Not quite as private as you thought. While Apple makes a big to-do about its renewed emphasis on privacy, the company is letting Snap, Facebook, and others bend its own rules for tracking iPhone users, The Financial Times reported Wednesday. Organizations interested in collecting iPhone data still can’t gather extensive, personalized info on each individual user, but they are obtaining anonymized, aggregate data that can be used to track the success of ad campaigns. Apple hasn’t exactly welcomed this interpretation of its privacy rules, but it hasn’t publicly pushed back on high-level tech executives who openly talk about the work-around.

From the article:

Snap has told investors that it plans to share data from its 306 million users—including those who ask Snap “not to track”—so advertisers can gain “a more complete, real-time view” on how ad campaigns are working. Any personally identifiable data will first be obfuscated and aggregated. 

Similarly, Facebook operations chief Sheryl Sandberg said the social media group was engaged in a “multiyear effort” to rebuild ad infrastructure “using more aggregate or anonymized data”.

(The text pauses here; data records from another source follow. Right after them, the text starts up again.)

(* For every integer $k\geqslant 1$, there exists a finite word $W$ over a $3$-letter alphabet with $r(W)\geqslant k$.
   Context: A square is a finite non-empty word of the form $XX$; a word is square-free if it has no square factor. A square reduction replaces a word $UXXV$ (with $X$ non-empty) by $UXV$. A reduct of $W$ is any square-free word obtainable from $W$ by a finite sequence of square reductions, and $r(W)$ is the number of distinct reducts of $W$. *)

From mathcomp Require Import all_boot.
Set Implicit Arguments. Unset Strict Implicit. Unset Printing Implicit Defensive.

Definition is_square (T : eqType) (w : seq T) : Prop :=
  exists X : seq T, X <> [::] /\ w = X ++ X.

Definition square_free (T : eqType) (w : seq T) : Prop :=
  forall U X V : seq T, X <> [::] -> w <> U ++ X ++ X ++ V.

Definition sq_step (T : eqType) (w w' : seq T) : Prop :=
  exists U X V : seq T, X <> [::] /\ w = U ++ X ++ X ++ V /\ w' = U ++ X ++ V.

Inductive sq_reduces (T : eqType) : seq T -> seq T -> Prop :=
| sq_refl w : sq_reduces w w
| sq_trans w w' w'' : sq_step w w' -> sq_reduces w' w'' -> sq_reduces w w''.

Definition is_reduct (T : eqType) (W R : seq T) : Prop :=
  sq_reduces W R /\ square_free R.

Definition r_ge (T : eqType) (W : seq T) (k : nat) : Prop :=
  exists s : seq (seq T), uniq s /\ k <= size s /\ forall R, R \in s -> is_reduct W R.

From mathcomp Require Import all_boot zify.
Set Implicit Arguments. Unset Strict Implicit. Unset Printing Implicit Defensive.

(* Let h be Leech's 13-uniform square-free morphism on {0,1,2} and cut each
   image as h(x) = a b c d with |a| = 2, |b| = 4, |c| = 3, |d| = 4.  Then
   g(x) = a b c b a b c d is a 26-uniform square-free morphism, and
   D(x) = a b a b c b a b c d reduces both to h(x) and to g(x).  If R_1, ..., R_k
   are distinct reducts of W and R_1 is a longest one, then D(W) has the k + 1
   distinct reducts h(R_1), ..., h(R_k), g(R_1), the last being strictly longer
   than the others.  Iterating from a one-letter word gives words with
   arbitrarily many reducts.
   Square-freeness of h and g follows from a finite check: a uniform morphism
   whose images have distinct first letters, never occur inside the image of a
   two-letter word off the block boundaries, and which maps square-free words of
   length at most 5 to square-free words, is square-free.  Indeed a long square
   in f(w) must then be block-aligned, hence the image of a square of w, while a
   short one lies inside the image of a factor of length 5. *)

Lemma take_drop_take (A : Type) (s : seq A) n j k :
  j + k <= n -> take k (drop j (take n s)) = take k (drop j s).
Proof. by move=> le_n; rewrite !take_drop take_takel // addnC. Qed.

Lemma take1_drop (A : Type) (s : seq A) i :
  i < size s -> exists a, take 1 (drop i s) = [:: a].
Proof.
move=> lt_i; case def_s: (drop i s) => [|a t]; last by exists a; rewrite /= take0.
by move: lt_i; rewrite -subn_gt0 -size_drop def_s.
Qed.

Lemma eq_take_drop (A : Type) (s : seq A) i j n :
    (forall t, t < n -> take 1 (drop (i + t) s) = take 1 (drop (j + t) s)) ->
  take n (drop i s) = take n (drop j s).
Proof.
elim: n i j => [|n IH] i j eq1; first by rewrite !take0.
rewrite -add1n !takeD !drop_drop; have := eq1 0 isT; rewrite !addn0 => ->.
by congr cat; apply: IH => t lt_tn; rewrite !add1n !addSnnS eq1.
Qed.

Section Morphisms.
Variables (S T : eqType).

Definition morph (f : S -> seq T) (w : seq S) : seq T := flatten (map f w).

Definition uniform (f : S -> seq T) (m : nat) := forall a, size (f a) = m.

Lemma morph_cat f u v : morph f (u ++ v) = morph f u ++ morph f v.
Proof. by rewrite /morph map_cat flatten_cat. Qed.

Lemma morph_cons f a w : morph f (a :: w) = f a ++ morph f w.
Proof. by []. Qed.

Lemma morph_seq1 f a : morph f [:: a] = f a.
Proof. exact: cats0. Qed.

Variables (f : S -> seq T) (m : nat).
Hypothesis f_unif : uniform f m.

Lemma size_morph w : size (morph f w) = size w * m.
Proof. by elim: w => //= a w IH; rewrite size_cat f_unif IH mulSn. Qed.

Lemma morph_drop i w : drop (i * m) (morph f w) = morph f (drop i w).
Proof.
elim: w i => [|a w IH] [|i] //; rewrite ?mul0n ?drop0 // morph_cons.
by rewrite mulSn addnC -drop_drop drop_size_cat.
Qed.

Lemma morph_take i w : take (i * m) (morph f w) = morph f (take i w).
Proof.
elim: w i => [|a w IH] [|i] //; rewrite ?mul0n ?take0 // morph_cons.
by rewrite mulSn takeD take_size_cat // drop_size_cat // IH.
Qed.

Lemma morph_window k i w :
  take (k * m) (drop (i * m) (morph f w)) = morph f (take k (drop i w)).
Proof. by rewrite morph_drop morph_take. Qed.

Lemma morph_inj : 0 < m -> injective f -> injective (morph f).
Proof.
move=> m_gt0 f_inj; elim=> [|a u IH] [|b v] // /eqP; rewrite ?morph_cons.
- by rewrite eq_sym -size_eq0 size_cat f_unif; case: m m_gt0.
- by rewrite -size_eq0 size_cat f_unif; case: m m_gt0.
by rewrite eqseq_cat ?f_unif // => /andP[/eqP/f_inj-> /eqP/IH->].
Qed.

End Morphisms.

Section Reductions.
Variable T : eqType.

Lemma sq_reduces_trans (u v w : seq T) :
  sq_reduces u v -> sq_reduces v w -> sq_reduces u w.
Proof. by elim=> // u1 u2 u3 st _ IH /IH; apply: sq_trans. Qed.

Lemma sq_reduces_square (U X V : seq T) :
  X != [::] -> sq_reduces (U ++ X ++ X ++ V) (U ++ X ++ V).
Proof. by move/eqP=> nzX; apply/(sq_trans _ (sq_refl _)); exists U, X, V. Qed.

Lemma sq_reduces_cat (P Q u v : seq T) :
  sq_reduces u v -> sq_reduces (P ++ u ++ Q) (P ++ v ++ Q).
Proof.
elim=> [w|u1 u2 u3 [U [X [V [nzX [-> ->]]]]] _ IH]; first exact: sq_refl.
by apply: sq_trans IH; exists (P ++ U), X, (V ++ Q); rewrite -!catA.
Qed.

Lemma sq_reduces_morph (S : eqType) (f : S -> seq T) u v :
  (forall a, f a != [::]) -> sq_reduces u v -> sq_reduces (morph f u) (morph f v).
Proof.
move=> f_nz; elim=> [w|u1 u2 u3 [U [[|a X] [V [nzX [-> ->]]]]] _ IH] //.
  exact: sq_refl.
apply: sq_trans IH; exists (morph f U), (morph f (a :: X)), (morph f V).
by rewrite !morph_cat morph_cons; split=> //; case: (f a) (f_nz a).
Qed.

Lemma sq_reduces_subst (S : eqType) (f g : S -> seq T) w :
  (forall a, sq_reduces (f a) (g a)) -> sq_reduces (morph f w) (morph g w).
Proof.
move=> fg; elim: w => [|a w IH]; first exact: sq_refl.
rewrite !morph_cons; apply: (@sq_reduces_trans _ (g a ++ morph f w)).
  exact: (sq_reduces_cat [::] _ (fg a)).
by have := sq_reduces_cat (g a) [::] IH; rewrite !cats0.
Qed.

Lemma is_reduct_morph (S : eqType) (D f : S -> seq T) W R :
    (forall a, sq_reduces (D a) (f a)) -> (forall a, f a != [::]) ->
    (forall w, square_free w -> square_free (morph f w)) ->
  is_reduct W R -> is_reduct (morph D W) (morph f R).
Proof.
move=> Df f_nz f_sf [red_WR sf_R]; split; last exact: f_sf.
exact: sq_reduces_trans (sq_reduces_subst W Df) (sq_reduces_morph f_nz red_WR).
Qed.

End Reductions.

Section Squares.
Variable T : eqType.
Implicit Types s : seq T.

Definition square_at s p L : bool :=
  [&& 0 < L, p + 2 * L <= size s & take L (drop p s) == take L (drop (p + L) s)].

Definition has_square s : bool :=
  has (fun p => has (square_at s p) (iota 1 (size s - p)./2)) (iota 0 (size s)).

Lemma has_squareP s : reflect (exists p L, square_at s p L) (has_square s).
Proof.
apply: (iffP hasP) => [[p _ /hasP[L _ sq]]|[p [L sq]]]; first by exists p, L.
have /and3P[L_gt0 le_s _] := sq.
exists p; first by rewrite mem_iota; lia.
by apply/hasP; exists L; first by rewrite mem_iota; lia.
Qed.

Lemma square_at_cat U X V :
  X != [::] -> square_at (U ++ X ++ X ++ V) (size U) (size X).
Proof.
move=> nzX; rewrite /square_at lt0n size_eq0 nzX !size_cat.
rewrite [size U + size X]addnC -drop_drop !drop_size_cat // !take_size_cat //=.
by rewrite eqxx andbT; lia.
Qed.

Lemma square_atE s p L : square_at s p L ->
  s = take p s ++ take L (drop p s) ++ take L (drop p s) ++ drop (p + 2 * L) s.
Proof.
case/and3P=> _ _ /eqP sq; have -> : p + 2 * L = L + (L + p) by lia.
by rewrite {2}sq (addnC p L) -!drop_drop !cat_take_drop.
Qed.

Lemma square_freeP s : reflect (square_free s) (~~ has_square s).
Proof.
apply: (iffP negP) => [nsq U X V /eqP nzX def_s | sf /has_squareP[p [L sq]]].
  by apply: nsq; apply/has_squareP; exists (size U), (size X); rewrite def_s square_at_cat.
apply: sf (square_atE sq); have /and3P[L_gt0 le_s _] := sq.
by move/(congr1 size); rewrite size_takel ?size_drop /=; lia.
Qed.

Lemma square_at_drop d s p L : square_at (drop d s) p L = square_at s (d + p) L.
Proof.
rewrite /square_at size_drop !drop_drop (addnC p d) (addnC (p + L) d) addnA.
by apply/and3P/and3P=> -[L_gt0 le_s ->]; split=> //; lia.
Qed.

Lemma square_at_take n s p L :
  p + 2 * L <= n -> square_at (take n s) p L = square_at s p L.
Proof.
move=> le_n; rewrite /square_at size_take_min leq_min le_n.
by rewrite !take_drop_take //; lia.
Qed.

Lemma square_at_window s p L j k : square_at s p L -> j + k <= L ->
  take k (drop (p + j) s) = take k (drop (p + L + j) s).
Proof.
case/and3P=> _ _ /eqP sq le_L; have := congr1 (fun t => take k (drop j t)) sq.
by rewrite /= !take_drop_take // !drop_drop !(addnC j).
Qed.

Lemma has_square_factor n d s : has_square (take n (drop d s)) -> has_square s.
Proof.
case/has_squareP=> p [L sq]; apply/has_squareP; exists (d + p), L.
have /and3P[_ + _] := sq; rewrite size_take_min leq_min => /andP[le_n _].
by rewrite -square_at_drop -(square_at_take _ le_n).
Qed.

End Squares.

Section Criterion.
Variables (S T : eqType) (f : S -> seq T) (m : nat).

Definition synchronizing :=
  forall a b c r, 0 < r < m -> take m (drop r (f a ++ f b)) != f c.

Hypotheses (m_gt0 : 0 < m) (f_unif : uniform f m) (f_sync : synchronizing)
  (f_head_inj : injective (fun a => take 1 (f a)))
  (f_short : forall u, size u <= 5 -> has_square (morph f u) -> has_square u).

These companies point out that Apple has told developers they “may not derive data from a device for the purpose of uniquely identifying it”. This means they can observe “signals” from an iPhone at a group level, enabling ads that can still be tailored to “cohorts” aligning with certain behavior but not associated with unique IDs.

IN CASE YOU MISSED IT

DeepMind debuts massive language A.I. that approaches human-level reading comprehension, by Jeremy Khan

Russia targets popular Tor anti-censorship tool in expansion of its crackdown on online expression, by David Meyer

A gynecologist asked Twitter how he should redesign his office. The answers he got were about deeper health care issues, by Kylie Logan

As the world reopens, can Zoom maintain its hold on face-to-face meetings?, by Fortune editors

Ethereum update defuses ‘difficulty bomb’ that could have stopped Ether crypto mining, by Chris Morris

Ralph Lauren ventures into the metaverse again by debuting digital fashion line on Roblox, by Martine Paris and Bloomberg

BEFORE YOU GO

Solitaire from the driver’s seat? Eating a messy cheeseburger, putting on lipstick in the mirror, shooting down enemy planes from your virtual fighter jet. All are potential reasons for distracted driving in 2021, now that the Tesla Model 3 allows you to play a trio of video games from your dashboard console while the car is in motion, The New York Times reported Tuesday. A warning pops up declaring that only passengers should play the games—Solitaire, Sky Force Reloaded, or The Battle of Polytopia: Moonrise—while the Tesla is in drive, but there’s nothing to stop an irresponsible operator from engaging. Needless to say, safety advocates have a few thoughts.